From the start, the couple envisioned a financial model where ground-floor tenants and rentals would subsidize affordable upstairs performance space for their company, Theatre Artibus, and other local performance groups, but so far, the math hasn’t penciled out. When asked what it means to own a venue in Denver today, Basishvili didn’t hold back.
“Are we talking marketing or the reality of owning a space?” the Georgia-born artist asked. “Because those are two different things. The city makes no distinction between commercial and arts spaces, and that makes it really hard for us to survive.”
His frustration wasn’t theoretical—it surfaced at every stage of trying to turn the Savoy into the theatrical playground of his and Frank’s dreams. As the wife-and-husband team walked me through their story, the mounting costs of ownership revealed just how punishing it can be to be proprietors of a cultural space in Denver in the 2020s.
“We bought the building in 2018 and thought we’d be under construction in six months,” Frank recalled. “It literally took us three and a half years just to break ground.”
Permits dragged on for years. Being a historic building restricted the remodel and the couple was ultimately forced to hire an expeditor to navigate endless red tape. “We put a lot more than we anticipated into renovations—about as much as buying the building again,” Frank said.
The costs of keeping it running continue to mount. The annual property tax bill alone runs between $60,000 and $70,000. “It’s really, really convenient to have that space,” Frank admitted, “but it’s not necessarily very financially viable or sustainable.”
A Blessing and a Curse
Built in 1889 in the historic Curtis Park neighborhood, the space’s upstairs ballroom has seen Danish choirs, fraternal lodges and for decades, it was the Rodelle Vanilla Factory. Frank’s family — long-time Denverites — purchased the building with the hope of preserving its legacy as a cultural space.
“I was really lucky to have generational wealth in my family, and they wanted to invest in the arts,” she said. For Frank, a theater artist, the underlying question was about asking, “Can we pivot that privilege into holding cultural space in a city that’s rapidly gentrifying?”

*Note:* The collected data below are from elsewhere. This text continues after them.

Section Simulation.
Variables (R : realType) (V : normedModType R) (e : nat -> V) (c : nat -> V -> R)
  (Fld : set R) (T : Type) (lt : T -> T -> Prop) (X : set V).
Local Notation FR := (F_round V T).
Local Notation AR := (A_round V T).
Local Notation GR := (G_round V T).
Variables (tauF : seq FR -> unit) (sigmaF : seq FR -> unit -> int * T -> seq V * V).
Variables (tauA : seq AR -> int) (sigmaA : seq AR -> int -> A_Imove V T -> seq V * V).

Definition F_reply (hF : seq FR) (hA : seq AR) (m : set V * T) : FR :=
  (tauF hF, (tauA hA, m.2), sigmaF hF (tauF hF) (tauA hA, m.2)).

Definition A_reply (hF : seq FR) (hA : seq AR) (m : set V * T) : AR :=
  let Imove := ((F_reply hF hA m).2.1, (F_reply hF hA m).2.2, m.1, m.2) in
  (tauA hA, Imove, sigmaA hA (tauA hA) Imove).

Definition G_reply (hF : seq FR) (hA : seq AR) (m : set V * T) : GR :=
  (tt, m, (A_reply hF hA m).2).

Fixpoint sim_F hF hA (ms : seq (set V * T)) : seq FR :=
  if ms is m :: ms' then
    F_reply hF hA m :: sim_F (rcons hF (F_reply hF hA m)) (rcons hA (A_reply hF hA m)) ms'
  else [::].

Fixpoint sim_A hF hA (ms : seq (set V * T)) : seq AR :=
  if ms is m :: ms' then
    A_reply hF hA m :: sim_A (rcons hF (F_reply hF hA m)) (rcons hA (A_reply hF hA m)) ms'
  else [::].

Fixpoint sim_G hF hA (ms : seq (set V * T)) : seq GR :=
  if ms is m :: ms' then
    G_reply hF hA m :: sim_G (rcons hF (F_reply hF hA m)) (rcons hA (A_reply hF hA m)) ms'
  else [::].

Definition sim_step (st : seq FR * seq AR) (m : set V * T) :=
  (rcons st.1 (F_reply st.1 st.2 m), rcons st.2 (A_reply st.1 st.2 m)).

(* The auxiliary histories are recomputed from I's moves in the G-history. *)
Definition sim_state (h : seq GR) := foldl sim_step ([::], [::]) [seq r.1.2 | r <- h].

Definition G_premove (_ : seq GR) : unit := tt.

Definition G_answer (h : seq GR) (_ : unit) (m : set V * T) : seq V * V :=
  (A_reply (sim_state h).1 (sim_state h).2 m).2.

Lemma run_G_answer ms hG :
  run G_premove G_answer hG ms = hG ++ sim_G (sim_state hG).1 (sim_state hG).2 ms.
Proof.
elim: ms hG => [|m ms IH] hG /=; first by rewrite cats0.
by rewrite IH /sim_state map_rcons foldl_rcons -cat_rcons.
Qed.

Lemma run_sim_F ms hF hA :
  run tauF sigmaF hF [seq r.1.2 | r <- sim_F hF hA ms] = hF ++ sim_F hF hA ms.
Proof.
elim: ms hF hA => [|m ms IH] hF hA /=; first by rewrite cats0.
by rewrite IH -cat_rcons.
Qed.

Lemma run_sim_A ms hF hA :
  run tauA sigmaA hA [seq r.1.2 | r <- sim_A hF hA ms] = hA ++ sim_A hF hA ms.
Proof.
elim: ms hF hA => [|m ms IH] hF hA /=; first by rewrite cats0.
by rewrite IH -cat_rcons.
Qed.

Lemma sim_F_ordinals ms hF hA : [seq r.1.2.2 | r <- sim_F hF hA ms] = [seq m.2 | m <- ms].
Proof. by elim: ms hF hA => [|m ms IH] hF hA //=; rewrite IH. Qed.

Lemma sim_A_ordinals ms hF hA : [seq r.1.2.2 | r <- sim_A hF hA ms] = [seq m.2 | m <- ms].
Proof. by elim: ms hF hA => [|m ms IH] hF hA //=; rewrite IH. Qed.

Lemma F_outcome_sim ms hF hA : F_outcome (sim_F hF hA ms) = A_outcome_u (sim_A hF hA ms).
Proof. by elim: ms hF hA => [|m ms IH] hF hA //=; rewrite IH. Qed.

Lemma A_outcome_v_sim ms hF hA : A_outcome_v (sim_A hF hA ms) = G_outcome (sim_G hF hA ms).
Proof. by elim: ms hF hA => [|m ms IH] hF hA //=; rewrite IH. Qed.

Lemma size_sim_F ms hF hA : size (sim_F hF hA ms) = size (sim_G hF hA ms).
Proof. by elim: ms hF hA => [|m ms IH] hF hA //=; rewrite IH. Qed.

Definition synced (hF : seq FR) (hA : seq AR) (hG : seq GR) : Prop :=
  [/\ [seq r.1.2.2 | r <- hF] = [seq r.1.2.2 | r <- hG],
      [seq r.1.2.2 | r <- hA] = [seq r.1.2.2 | r <- hG],
      [seq r.2.1 | r <- hF] = [seq r.1.2.1.1.1 | r <- hA] &
      [seq r.2.1 | r <- hA] = [seq r.2.1 | r <- hG]].

Lemma synced_rcons hF hA hG m :
  synced hF hA hG ->
  synced (rcons hF (F_reply hF hA m)) (rcons hA (A_reply hF hA m)) (rcons hG (G_reply hF hA m)).
Proof. by case=> E1 E2 E3 E4; split; rewrite !map_rcons ?E1 ?E2 ?E3 ?E4. Qed.

Lemma sim_F_legalI ms hF hA hG :
  synced hF hA hG ->
  all_rounds (fun h r => G_legalI e c Fld lt X h r.1.1 r.1.2) hG (sim_G hF hA ms) ->
  all_rounds (fun h r => F_legalI lt h r.1.1 r.1.2) hF (sim_F hF hA ms).
Proof.
elim: ms hF hA hG => [|m ms IH] hF hA hG //= sync [[_ [_ Hxi]] Hrest].
split; last exact: IH (synced_rcons m sync) Hrest.
by case: sync => E1 _ _ _; rewrite /F_legalI /= E1.
Qed.

Lemma sim_A_legalI ms hF hA hG :
  synced hF hA hG ->
  all_rounds (fun h r => G_legalI e c Fld lt X h r.1.1 r.1.2) hG (sim_G hF hA ms) ->
  all_rounds (fun h r => F_legalII e c Fld X h r.1.1 r.1.2 r.2) hF (sim_F hF hA ms) ->
  all_rounds (fun h r => A_legalI e c Fld lt X h r.1.1 r.1.2) hA (sim_A hF hA ms).
Proof.
elim: ms hF hA hG => [|m ms IH] hF hA hG //= sync [[HY [HYX Hxi]] HGrest].
move=> [[HE [Hu Hspan]] HFrest]; split; last exact: IH (synced_rcons m sync) HGrest HFrest.
by case: sync => _ E2 E3 _; rewrite /A_legalI /= -E3 E2.
Qed.

Lemma sim_G_legalII ms hF hA hG :
  synced hF hA hG ->
  all_rounds (fun h r => A_legalII (T:=T) Fld h r.1.1 r.1.2 r.2) hA (sim_A hF hA ms) ->
  all_rounds (fun h r => G_legalII (T:=T) Fld h r.1.1 r.1.2 r.2) hG (sim_G hF hA ms).
Proof.
elim: ms hF hA hG => [|m ms IH] hF hA hG //= sync [HA Hrest].
split; last exact: IH (synced_rcons m sync) Hrest.
by case: sync => _ _ _ E4; rewrite /G_legalII /= -E4.
Qed.

End Simulation.

Arguments sim_F_legalI {R V e c Fld T lt X tauF sigmaF tauA sigmaA ms hF hA hG}.
Arguments sim_A_legalI {R V e c Fld T lt X tauF sigmaF tauA sigmaA ms hF hA hG}.
Arguments sim_G_legalII {R V Fld T tauF sigmaF tauA sigmaA ms hF hA hG}.

Theorem lemma4p6 (R : realType) (V : completeNormedModType R)
  (e : nat -> V) (c : nat -> V -> R) (Fld : set R)
  (T : Type) (lt : T -> T -> Prop)
  (X : set V) (y : nat -> V) (K C : R) :
  schauder_basis e c ->
  subfield Fld -> countable Fld -> norm_closed e Fld ->
  countable_wellorder lt ->
  block_subspace e c Fld X ->
  block_seq e c Fld y ->
  1 <= K -> 1 <= C ->
  II_has_strategy (F_legalI lt) (F_legalII e c Fld X)
    (F_complete lt)
    (fun pl => equivK K (F_outcome pl) [seq y i | i <- iota 0 (size pl)]) ->
  II_has_strategy (A_legalI e c Fld lt X) (A_legalII (T:=T) Fld)
    (A_complete lt)
    (fun pl => equivK C (A_outcome_u pl) (A_outcome_v pl)) ->
  II_has_strategy (G_legalI e c Fld lt X) (G_legalII (T:=T) Fld)
    (G_complete lt)
    (fun pl => equivK (K * C) (G_outcome pl) [seq y i | i <- iota 0 (size pl)]).
Proof.
move=> _ _ _ _ _ _ _ K1 C1 [tauF [sigmaF winF]] [tauA [sigmaA winA]].
exists (@G_premove R V T), (G_answer tauF sigmaF tauA sigmaA) => ms /=.
rewrite run_G_answer /= => legalG complete.
have sync : @synced R V T [::] [::] [::] by [].
set sF := sim_F tauF sigmaF tauA sigmaA [::] [::] ms.
set sA := sim_A tauF sigmaF tauA sigmaA [::] [::] ms.
have := winF [seq r.1.2 | r <- sF].
rewrite run_sim_F cat0s /F_complete -map_comp sim_F_ordinals.
move=> /(_ (sim_F_legalI sync legalG) complete) [legalF winFy].
have := winA [seq r.1.2 | r <- sA].
rewrite run_sim_A cat0s /A_complete -map_comp sim_A_ordinals.
move=> /(_ (sim_A_legalI sync legalG legalF) complete) [legalA winAuv].
split; first exact: sim_G_legalII sync legalA.
rewrite size_sim_F in winFy; rewrite A_outcome_v_sim -F_outcome_sim in winAuv.
have K0 : 0 < K by apply: lt_le_trans K1.
have C0 : 0 < C by apply: lt_le_trans C1.
by rewrite mulrC; exact: equivK_trans C0 K0 (equivK_sym C0 winAuv) winFy.
Qed.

The Savoy's operations are seemingly savvy: the building houses two first-floor tenants: PlatteForum, a nonprofit that connects youth and artists to collaborate, and Alchemy Ritual Goods, a small business specializing in holistic wellness and metaphysical supplies.
Upstairs, Frank and Basishvili’s nonprofit Theatre Artibus uses the ballroom for its original, clown-inspired performances and rents it out to other theater groups such as Boulder Ensemble Theatre Company, nonprofits like Five Points Live, and weddings or corporate clients.
“As artists, we want to focus on making our own work, but as a nonprofit company, we have been unable to find sufficient funds to move past the startup phase,” Frank said. “It's hard to sustain the theater company and the building itself because the overhead here is just enormous.”
The irony isn’t lost on the pair: artists who specialize in work rooted in play, vulnerability and absurd humor now spend their days managing spreadsheets, tax bills and tenant agreements.
“We’re not businesspeople,” Frank said. “We’re artists who wanted to create space for community and experimentation.”
That desire to focus on art over administration is something many Denver creatives share. What makes the Savoy’s situation distinct is the timing: opening a venue in the 2020s, after the pandemic and amid Denver’s runaway development pressures, turns out to have brought a higher level of risk than when other creative hubs first established themselves.
Visual arts organization RedLine secured its foothold in Five Points more than a decade earlier, at a time when property costs were less competitive. And unlike Buntport Theater, which has thrived in a rented warehouse, Theatre Artibus acts as both cultural caretakers and landlords.
“Buntport was able to give away its space for free during COVID-19; we've unfortunately been unable to do that,” Frank said. “The dream was to leverage municipal support, but I haven't figured out a cross-sector partnership situation yet. I have a lot of hope that the Savoy will continue, but we're on a timeline now to try to figure out how to make that work.”
A City That Works Against Artists
What makes survival harder, Frank and Basishvili argue, is that Denver doesn’t acknowledge the realities of running a small arts venue. From years-long permitting battles to compliance costs, the couple describes a rigid bureaucratic process that fails local businesses.
“We were in line with massive developments, but we’re just two artists trying to make a space work,” Frank said. “That mismatch nearly broke us.”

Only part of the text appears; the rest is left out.